There is absolutely nothing wrong with using a Bible study guide or workbook for your time with God. Do not let anyone convince you otherwise. Some of my most foundational knowledge and enlightenment came from using other Bible teachers and pastors study materials. Again, throughout seasons of my life, these things have been very useful to me and my spiritual growth. Not every person who publishes a Bible Study or workbook is worthy of being followed, however, do not be afraid of branching out and using a workbook from an author you have never heard of, who has a different denominational background than yours, or is theologically more “liberal” or even “more conservative” than you may be. We can learn A LOT from various viewpoints. If you are not sure about a particular author, ask a pastor or other lay leader that you respect and I’m sure they can help you.

  • Daily Devotionals
    • These are great if you’re a routine keeper. There are free daily resources like Our Daily Bread that you can receive in paper copies or online. There are devotionals that will get sent to your email every morning. There are also physical books with thematic material that are chock full of great stuff.
    • I was taught as a high-schooler a method I share with you now:
      • Purchase a notebook; using your daily devotional, read the material presented then:
        • Write down the Scripture passage reference for that day
        • Then write what a summary of that passage
        • Then write what you believe God is saying to you through that passage
        • Then write what you’d like to say to God
    • This was a great method for me in certain seasons of my life. I didn’t feel like I had to be an academic professor or theologian in order to connect more deeply with God’s Word.

  • Workbooks
    • There are THOUSANDS of workbooks available to believers, especially in America. Here a just a few way they are categorized
      • Scriptural theme (ex: Prayer, Obedience, Worship)
      • Character or Spiritual Discipline theme (ex: how to pray, how/why to fast, Biblical leadership, etc)
      • Specific Book of the Bible (ex: Genesis, Matthew, Paul’s Letters)
      • Specific Genre of the Bible (ex: Pentateuch, the Gospels)
      • Specific People of the Bible (ex: Moses, Abraham, Paul, David, Jesus)
      • Specific Scripture Passage (ex: Fruit of the Spirit, Armor of God, etc)
      • Theology (ex: study on predestination, study on salvation, etc)
      • Characteristics of God (ex: Names of God, God’s mercy, God’s grace, etc)
      • Study on Seasons of Life (ex: study for those entering empty nest life-stage, study for new moms, study for dads of girls, studies for those in the military, etc)

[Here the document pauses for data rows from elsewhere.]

(* Let $X$ be a finite set with $|X|\ge 4$ and let $\tau$ be a non-empty thin subset of $\binom{X}{3}$. Then there exists an unrooted caterpillar tree $T$ with leaf set $X$ for which the map ${\rm med}_T:\tau\to \mathring{V}(T)$, $s\mapsto{\rm med}_T(s)$, is one-to-one.
   Context: $L(\tau)=\bigcup_{s\in\tau}s$; $\tau\subseteq\binom{X}{3}$ is thin if $|L(\tau')|\ge|\tau'|+2$ for every non-empty $\tau'\subseteq\tau$. An unrooted phylogenetic $X$-tree is a tree whose leaves (degree-1 vertices) are bijectively labelled by $X$ and whose non-leaf vertices are unlabelled of degree at least 3; it is binary if all non-leaf vertices have degree 3. $\mathring{V}(T)$ denotes the set of interior (non-leaf) vertices. A cherry is a pair of leaves adjacent to a common vertex. An unrooted caterpillar tree on $X$ is an unrooted binary phylogenetic $X$-tree with at most 2 cherries. For $s=\{x,y,z\}$, ${\rm med}_T(s)$ is the unique vertex of $T$ lying on all three paths between pairs of $x,y,z$. *)

From mathcomp Require Import all_boot.
Set Implicit Arguments. Unset Strict Implicit. Unset Printing Implicit Defensive.

Definition Lset (X : finType) (tau : {set {set X}}) : {set X} :=
  \bigcup_(s in tau) s.

Definition triples (X : finType) (tau : {set {set X}}) : Prop :=
  forall s, s \in tau -> #|s| = 3.

Definition thin (X : finType) (tau : {set {set X}}) : Prop :=
  forall tau' : {set {set X}}, tau' \subset tau -> tau' != set0 ->
    #|tau'| + 2 <= #|Lset tau'|.

Definition simple_graph (V : finType) (e : rel V) : Prop :=
  symmetric e /\ irreflexive e.

Definition gconnected (V : finType) (e : rel V) : Prop :=
  forall x y : V, connect e x y.

Definition acyclic (V : finType) (e : rel V) : Prop :=
  forall c : seq V, 3 <= size c -> uniq c -> ~~ cycle e c.

Definition is_tree (V : finType) (e : rel V) : Prop :=
  [/\ simple_graph e, gconnected e & acyclic e].

Definition deg (V : finType) (e : rel V) (v : V) : nat := #|[set w | e v w]|.

Definition is_leaf (V : finType) (e : rel V) (v : V) : bool := deg e v == 1.

Definition phylo_tree (X V : finType) (e : rel V) (lab : X -> V) : Prop :=
  [/\ is_tree e, injective lab,
      (forall v, is_leaf e v = [exists x, lab x == v]) &
      (forall v, ~~ is_leaf e v -> 3 <= deg e v)].

Definition binary_phylo_tree (X V : finType) (e : rel V) (lab : X -> V) : Prop :=
  phylo_tree e lab /\ (forall v, ~~ is_leaf e v -> deg e v = 3).

Definition cherries (V : finType) (e : rel V) : {set {set V}} :=
  [set C : {set V} | [exists a, exists b,
     [&& C == [set a; b], a != b, is_leaf e a, is_leaf e b &
         [exists w, e a w && e b w]]]].

Definition caterpillar (X V : finType) (e : rel V) (lab : X -> V) : Prop :=
  binary_phylo_tree e lab /\ #|cherries e| <= 2.

Definition on_path (V : finType) (e : rel V) (x y v : V) : Prop :=
  exists p : seq V, [/\ path e x p, last x p = y, uniq (x :: p) & v \in x :: p].

Definition is_med (X V : finType) (e : rel V) (lab : X -> V) (s : {set X}) (v : V) : Prop :=
  forall x y, x \in s -> y \in s -> x != y -> on_path e (lab x) (lab y) v.

From mathcomp Require Import all_boot zify.
Set Implicit Arguments. Unset Strict Implicit. Unset Printing Implicit Defensive.

(* In a caterpillar whose leaves are listed x_0, ..., x_{n-1} along the spine,
   the median of a triple x_a, x_b, x_c with a < b < c is the spine vertex
   carrying x_b, and these spine vertices are distinct for 0 < b < n-1.  So it
   suffices to order X so that the middle elements of the triples of tau are
   pairwise distinct.  The order is built from the top down.  Removing the top
   element turns the triples through it into pairs, and the middle element of
   a pair is its top.  If there is no pair, any point can go on top.
   Otherwise, call a subfamily J tight when |L(J)| = |J| + 1.  By
   submodularity, tight families through a common point have a tight union.
   A maximality argument then yields a point y of a pair q such that every
   tight subfamily covering y contains q.  Putting y on top and discarding q
   preserves the thinness condition, extended to pairs, and makes y the
   middle of q only. *)

Section ThinFamily.
Variables X I : finType.
Implicit Types (F : I -> {set X}) (S J K A B : {set I}) (r : X -> nat) (s : {set X}).

Definition Lfam F J : {set X} := \bigcup_(i in J) F i.

Definition all_triples F J : bool := [forall i in J, #|F i| == 3].

(* Deleting a point x from every set of a thin family of triples turns the
   triples through x into pairs; [thin_family] is the condition that survives
   such deletions.  Families are indexed because deletions may identify sets. *)
Definition thin_family F S : Prop :=
  (forall i, i \in S -> (#|F i| == 2) || (#|F i| == 3)) /\
  (forall J, J \subset S -> J != set0 -> #|J|.+1 + all_triples F J <= #|Lfam F J|).

Definition tight F J : bool := (J != set0) && (#|Lfam F J| <= #|J|.+1).

Definition peelable F S y q : Prop := [/\ q \in S, #|F q| = 2, y \in F q &
  forall J, J \subset S -> tight F J -> y \in Lfam F J -> q \in J].

Lemma LfamU F A B : Lfam F (A :|: B) = Lfam F A :|: Lfam F B.
Proof. exact: bigcup_setU. Qed.

Lemma LfamS F A B : A \subset B -> Lfam F A \subset Lfam F B.
Proof. by move=> sAB; apply/bigcupsP => i iA; apply: bigcup_sup (subsetP sAB i iA). Qed.

Lemma Lfam1 F i : Lfam F [set i] = F i.
Proof. exact: big_set1. Qed.

Lemma mem_Lfam F J i x : i \in J -> x \in F i -> x \in Lfam F J.
Proof. by move=> iJ xi; apply/bigcupP; exists i. Qed.

Lemma LfamD1 F J x : Lfam (fun i => F i :\ x) J = Lfam F J :\ x.
Proof.
apply/setP => z; rewrite in_setD1; apply/bigcupP/andP => [[i iJ]|[zx /bigcupP[i iJ zi]]].
  by rewrite in_setD1 => /andP[zx zi]; split=> //; apply: mem_Lfam zi.
by exists i; rewrite // in_setD1 zx.
Qed.

Lemma thin_family_sub F S A : thin_family F S -> A \subset S -> thin_family F A.
Proof.
move=> [sizeS coverS] sAS; split=> [i iA|J sJA]; first exact/sizeS/(subsetP sAS).
exact/coverS/(subset_trans sJA).
Qed.

Lemma thin_family_card F S J : thin_family F S -> J \subset S -> J != set0 ->
  #|J|.+1 <= #|Lfam F J|.
Proof. by move=> [_ coverS] sJS nJ; have := coverS J sJS nJ; lia. Qed.

Section Tight.
Variables (F : I -> {set X}) (S : {set I}).
Hypothesis thinS : thin_family F S.

Lemma Lfam_meet_card K A y : K \subset S -> y \in Lfam F K -> y \in Lfam F A ->
  #|K :&: A|.+1 <= #|Lfam F K :&: Lfam F A|.
Proof.
move=> sKS yK yA; have [->|nKA] := eqVneq (K :&: A) set0.
  by rewrite cards0; apply/card_gt0P; exists y; rewrite inE yK yA.
apply: leq_trans (thin_family_card thinS (subset_trans (subsetIl K A) sKS) nKA) _.
by apply: subset_leq_card; rewrite subsetI !LfamS ?subsetIl ?subsetIr.
Qed.

Lemma tight_meet_card K A : K \subset S -> A \subset S -> tight F K -> tight F A ->
  #|Lfam F K :&: Lfam F A| <= #|K :&: A|.+1.
Proof.
move=> sKS sAS /andP[nK tK] /andP[_ tA].
have sKAS : K :|: A \subset S by rewrite subUset sKS sAS.
have nKA : K :|: A != set0 by rewrite setU_eq0 negb_and nK.
have := thin_family_card thinS sKAS nKA; rewrite LfamU.
have := cardsUI (Lfam F K) (Lfam F A); have := cardsUI K A; lia.
Qed.

Lemma tightU K A y : K \subset S -> A \subset S -> tight F K -> tight F A ->
  y \in Lfam F K -> y \in Lfam F A -> tight F (K :|: A).
Proof.
move=> sKS sAS /andP[nK tK] /andP[_ tA] yK yA.
rewrite /tight setU_eq0 negb_and nK LfamU /=.
have := Lfam_meet_card sKS yK yA.
have := cardsUI (Lfam F K) (Lfam F A); have := cardsUI K A; lia.
Qed.

Lemma tightI K A y w : K \subset S -> A \subset S -> tight F K -> tight F A ->
  y \in Lfam F K -> y \in Lfam F A -> w \in Lfam F K -> w \in Lfam F A -> y != w ->
  tight F (K :&: A) /\ y \in Lfam F (K :&: A).
Proof.
move=> sKS sAS tK tA yK yA wK wA yw.
have meetKA := tight_meet_card sKS sAS tK tA.
have sLKA : Lfam F (K :&: A) \subset Lfam F K :&: Lfam F A.
  by rewrite subsetI !LfamS ?subsetIl ?subsetIr.
have two_common : 2 <= #|Lfam F K :&: Lfam F A|.
  have <- : #|[set y; w]| = 2 by rewrite cards2 yw.
  apply: subset_leq_card; apply/subsetP => z.
  by rewrite !inE => /orP[] /eqP->; rewrite ?yK ?yA ?wK.
have nKA : K :&: A != set0 by apply: contraTneq meetKA => ->; rewrite cards0 -ltnNge.
have lbKA := thin_family_card thinS (subset_trans (subsetIl K A) sKS) nKA.
split; first by rewrite /tight nKA (leq_trans (subset_leq_card sLKA) meetKA).
apply: contraT => yNKA.
have : #|y |: Lfam F (K :&: A)| <= #|Lfam F K :&: Lfam F A|.
  by apply: subset_leq_card; rewrite subUset sLKA sub1set inE yK yA.
by rewrite cardsU1 yNKA add1n => /leq_trans/(_ meetKA); rewrite ltnS leqNgt lbKA.
Qed.

Lemma tight_has_pair J : J \subset S -> tight F J -> exists2 i, i \in J & #|F i| = 2.
Proof.
move=> sJS /andP[nJ tJ]; have [sizeS coverS] := thinS.
have := coverS J sJS nJ; have [_|] := boolP (all_triples F J); first lia.
move=> /forall_inPn[i iJ /negbTE Fi3] _; exists i => //.
by have /orP[/eqP|] := sizeS i (subsetP sJS i iJ); rewrite ?Fi3.
Qed.

Lemma tight_coverNsub A p : p \in S -> A \subset S -> p \notin A -> tight F A ->
  ~~ (F p \subset Lfam F A).
Proof.
move=> pS sAS pA /andP[nA tA]; apply/negP => sFp.
have sApS : p |: A \subset S by rewrite subUset sub1set pS sAS.
have nApS : p |: A != set0 by apply/set0Pn; exists p; rewrite setU11.
have := thin_family_card thinS sApS nApS.
by rewrite setUC LfamU Lfam1 (setUidPl sFp) setUC cardsU1 pA; lia.
Qed.

Definition max_tight_avoiding p w A : Prop :=
  [/\ A \subset S, p \notin A, tight F A, w \in Lfam F A &
      forall K, K \subset S -> tight F K -> w \in Lfam F K -> p \notin K -> K \subset A].

Lemma max_tight_avoiding_exists p w K : K \subset S -> tight F K ->
  w \in Lfam F K -> p \notin K -> exists A, max_tight_avoiding p w A.
Proof.
move=> sKS tK wK pK.
pose P A := [&& A \subset S, tight F A, w \in Lfam F A & p \notin A].
have PK : P K by apply/and4P.
case: (arg_maxnP (fun A => #|A|) PK) => A /and4P[sAS tA wA pA] maxA.
exists A; split => // K' sK'S tK' wK' pK'.
have PK'A : P (K' :|: A).
  by rewrite /P subUset sK'S sAS (tightU sK'S sAS tK' tA wK' wA) LfamU inE wK' !inE negb_or pK'.
have /eqP-> : A == K' :|: A by rewrite eqEcard subsetUr; exact: maxA.
exact: subsetUl.
Qed.

Lemma peelable_lift p w A y q : p \in S -> w \in F p -> max_tight_avoiding p w A ->
  y \in Lfam F A -> y != w -> peelable F A y q -> peelable F S y q.
Proof.
move=> pS wp [sAS pA tA wA maxA] yA yw [qA q2 yq peelA].
split => //; first exact: subsetP sAS q qA.
move=> K sKS tK yK; have [wK|wNK] := boolP (w \in Lfam F K).
  have [tKA yKA] := tightI sKS sAS tK tA yK yA wK wA yw.
  by have := peelA _ (subsetIr K A) tKA yKA; rewrite inE => /andP[].
have pK : p \notin K by apply: contra wNK => pK; apply: mem_Lfam pK wp.
apply: (peelA _ _ tK yK); apply: subset_trans (subsetUl K A) (maxA _ _ _ _ _).
- by rewrite subUset sKS sAS.
- exact: tightU sKS sAS tK tA yK yA.
- by rewrite LfamU inE wA orbT.
- by rewrite !inE negb_or pK.
Qed.

(* Where the peelable point obtained from the end [w] of the pair [p] lies. *)
Definition near_peel p w y : Prop :=
  y = w \/ exists2 A, max_tight_avoiding p w A & y \in Lfam F A.

Lemma near_peel_disjoint p u v y : p \in S -> F p = [set u; v] -> u != v ->
  near_peel p u y -> near_peel p v y -> False.
Proof.
move=> pS Fp uv nu nv.
have coverNFp A u' v' : max_tight_avoiding p u' A -> u' \in Lfam F A -> v' \in Lfam F A ->
    [set u'; v'] = [set u; v] -> False.
  move=> [sAS pA tA _ _] u'A v'A Fp'; have := tight_coverNsub pS sAS pA tA.
  by rewrite Fp -Fp'; apply/negP/negPn/subsetP => z; rewrite !inE => /orP[] /eqP->.
case: nu nv => [->|[Au maxAu yAu]] [yv|[Av maxAv yAv]].
- by move: uv; rewrite yv eqxx.
- by apply: (coverNFp Av v u) => //; [case: maxAv | rewrite setUC].
- by apply: (coverNFp Au u v) => //; [case: maxAu | rewrite -yv].
case: (maxAu) => sAuS pAu tAu uAu maxu; case: (maxAv) => sAvS pAv tAv vAv _.
have sAvAu : Av \subset Au.
  apply: subset_trans (subsetUr Au Av) (maxu _ _ _ _ _).
  - by rewrite subUset sAuS sAvS.
  - exact: tightU sAuS sAvS tAu tAv yAu yAv.
  - by rewrite LfamU inE uAu.
  - by rewrite !inE negb_or pAu.
exact: (coverNFp Au u v) uAu (subsetP (LfamS F sAvAu) v vAv) _.
Qed.

End Tight.

(* Two points are needed so that the induction can avoid a prescribed one. *)
Lemma exists_two_peelable F S : thin_family F S -> (exists2 p, p \in S & #|F p| = 2) ->
  exists y1 y2 q1 q2, [/\ y1 != y2, peelable F S y1 q1 & peelable F S y2 q2].
Proof.
have [n] := ubnP #|S|; elim: n S => // n IH S ltS thinS [p pS p2].
have near w : w \in F p -> exists y q, peelable F S y q /\ near_peel F S p w y.
  move=> wp.
  case: (pickP [pred K : {set I} | [&& K \subset S, tight F K, w \in Lfam F K & p \notin K]]);
    last first.
    move=> noK; exists w, p; split; last by left.
    split=> // J sJS tJ wJ; apply: contraT => pJ.
    by have /= := noK J; rewrite sJS tJ wJ pJ.
  move=> K /and4P[sKS tK wK pK].
  have [A maxA] := max_tight_avoiding_exists thinS sKS tK wK pK.
  have [sAS pA tA _ _] := maxA.
  have ltAS : #|A| < #|S| by apply/proper_card/properP; split=> //; exists p.
  have ltA : #|A| < n := leq_trans ltAS (ltnSE ltS).
  have [i iA i2] := tight_has_pair thinS sAS tA.
  have [y1 [y2 [q1 [q2 [y12 peel1 peel2]]]]] :=
    IH A ltA (thin_family_sub thinS sAS) (ex_intro2 _ _ i iA i2).
  have [y [q [yw peelA]]] : exists y q, y != w /\ peelable F A y q.
    have [y1w|] := eqVneq y1 w; last by exists y1, q1.
    by exists y2, q2; rewrite -y1w eq_sym.
  have yA : y \in Lfam F A by case: peelA => qA _ yq _; apply: mem_Lfam yq.
  exists y, q; split; first exact (peelable_lift thinS pS wp maxA yA yw peelA).
  by right; exists A.
have [u [v [uv Fp]]] := cards2P _ (introT eqP p2).
have [uFp vFp] : u \in F p /\ v \in F p by rewrite Fp !inE !eqxx orbT.
have [yu [qu [peelu nearu]]] := near u uFp.
have [yv [qv [peelv nearv]]] := near v vFp.
exists yu, yv, qu, qv; split=> //; apply/eqP => yuv.
by rewrite -yuv in nearv; exact (near_peel_disjoint thinS pS Fp uv nearu nearv).
Qed.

I’m sure there are even more than that. But rather than being exhaustive, my intent is to simply say, PICK ONE and enjoy it! Too many of us, me included, were taught that if we are not reading God’s Word every day then we are failing, we don’t take our faith seriously, or aren’t disciplined enough and thus, disappointing God regularly.

Lean in. Listen closely. You are NOT disappointing God. ANY TIME we spend with God is used and never wasted. If that’s five minutes, fifteen, or an hour. Some days will be easier than others. Do NOT let the inappropriate guilt trap you into believing lies.